# Sample Integration Method Benchmarking

- **Creator**: Sebastian Birk (<sebastian.birk@helmholtz-munich.de>).
- **Affiliation:** Helmholtz Munich, Institute of Computational Biology (ICB), Talavera-López Lab
- **Date of Creation:** 20.01.2023
- **Date of Last Modification:** 26.04.2023

## 1. Setup

### 1.1 Import Libraries

In [None]:
%load_ext autoreload
%autoreload 2

In [None]:
import sys
sys.path.append("../../utils")

In [None]:
import argparse
import os
import pickle
import random
import warnings
from copy import deepcopy
from datetime import datetime

import anndata as ad
import matplotlib
import matplotlib.colors as colors
import matplotlib.pyplot as plt
import mlflow
import numpy as np
import pandas as pd
import plottable
import scanpy as sc
import scib
import scipy.sparse as sp
import scvi
import seaborn as sns
import squidpy as sq
import torch
from GraphST import GraphST
from matplotlib import gridspec
from matplotlib.pyplot import rc_context
from plottable import ColumnDefinition, Table
from plottable.cmap import normed_cmap
from plottable.formatters import tickcross
from plottable.plots import bar
from sklearn.decomposition import KernelPCA

from benchmarking_utils import *
from color_utils import *

### 1.2 Define Parameters

In [None]:
# Gene Program Mask
nichenet_keep_target_genes_ratio = 0.01
nichenet_max_n_target_genes_per_gp = 25344
include_mebocost_gps = True
mebocost_species = "mouse"
gp_filter_mode = "subset"
combine_overlap_gps = True
overlap_thresh_source_genes = 0.9
overlap_thresh_target_genes = 0.9
overlap_thresh_genes = 0.9

# Data
counts_key = "counts"
condition_key = "batch"
n_neighbors = 12
spatial_key = "spatial"
adj_key = "spatial_connectivities"
mapping_entity_key = "mapping_entity"
filter_genes = True
n_hvg = 2000
gp_targets_mask_key = "nichecompass_gp_targets"
gp_sources_mask_key = "nichecompass_gp_sources"
gp_names_key = "nichecompass_gp_names"

# Model
load_timestamp = "27032023_184359"
latent_key = "latent"

# Benchmarking
cell_type_key = "Main_molecular_cell_type"
spatial_knng_key = "nichecompass_spatial_knng"
latent_knng_key = "nichecompass_latent_knng"

# Other
random_seed = 0

### 1.3 Run Notebook Setup

In [None]:
sc.set_figure_params(figsize=(6, 6))
sns.set_style("whitegrid", {'axes.grid' : False})

In [None]:
# Ignore future warnings and user warnings
warnings.simplefilter(action="ignore", category=FutureWarning)
warnings.simplefilter(action="ignore", category=UserWarning)

In [None]:
# Get time of notebook execution for timestamping saved artifacts
now = datetime.now()
current_timestamp = now.strftime("%d%m%Y_%H%M%S")
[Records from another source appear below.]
Lemma injective_partial_inverse A B (f : A -> B) :
  injective f -> exists g : B -> option A, pcancel f g.
Proof.
move=> f_inj.
have [g gP] : exists g : B -> option A, forall b a, f a = b -> g b = Some a.
  apply: (ClassicalEpsilon.choice (fun b g_b => forall a, f a = b -> g_b = Some a)) => b.
  case: (classic (exists a, f a = b)) => [[a <-]|no_pre].
    by exists (Some a) => a' /f_inj ->.
  by exists None => a fa; case: no_pre; exists a.
by exists g => a; apply: gP.
Qed.

Lemma le_card_pow A B : le_card A B -> le_card (A -> Prop) (B -> Prop).
Proof.
move=> [j j_inj]; exists (fun P b => exists a, j a = b /\ P a) => P Q PQ.
apply: functional_extensionality => a; apply: propositional_extensionality.
have PQa := f_equal (fun F => F (j a)) PQ; rewrite /= in PQa.
split=> [Pa|Qa].
- have : exists a', j a' = j a /\ P a' by exists a.
  by rewrite PQa => -[a' [/j_inj ->]].
- have : exists a', j a' = j a /\ Q a' by exists a.
  by rewrite -PQa => -[a' [/j_inj ->]].
Qed.

Lemma le_card_seq_pow W : le_card (seq W) (nat * W -> Prop).
Proof.
exists (fun s nw => List.nth_error s nw.1 = Some nw.2) => s s' ss'.
apply: List.nth_error_ext => n.
have nth_iff w := f_equal (fun F => F (n, w)) ss'; rewrite /= in nth_iff.
case s_n: (List.nth_error s n) => [w|]; first by symmetry; rewrite -(nth_iff w).
by case s'_n: (List.nth_error s' n) => [w|] //; move: (nth_iff w); rewrite s_n s'_n => ->.
Qed.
### 1.4 Configure Paths and Create Directories

In [None]:
# Define paths
figure_folder_path = f"../../figures/sample_integration_method_benchmarking/{current_timestamp}"
metric_artifacts_folder_path = f"../../artifacts/sample_integration_method_benchmarking/{load_timestamp}"
gp_data_folder_path = "../../datasets/gp_data" # gene program data
srt_data_folder_path = "../../datasets/srt_data" # spatially resolved transcriptomics data
srt_data_gold_folder_path = f"{srt_data_folder_path}/gold"
srt_data_results_folder_path = "../../datasets/srt_data/results/sample_integration_method_benchmarking" 
nichenet_ligand_target_mx_file_path = gp_data_folder_path + "/nichenet_ligand_target_matrix.csv"
omnipath_lr_interactions_file_path = gp_data_folder_path + "/omnipath_lr_interactions.csv"

# Create required directories
os.makedirs(figure_folder_path, exist_ok=True)
os.makedirs(metric_artifacts_folder_path, exist_ok=True)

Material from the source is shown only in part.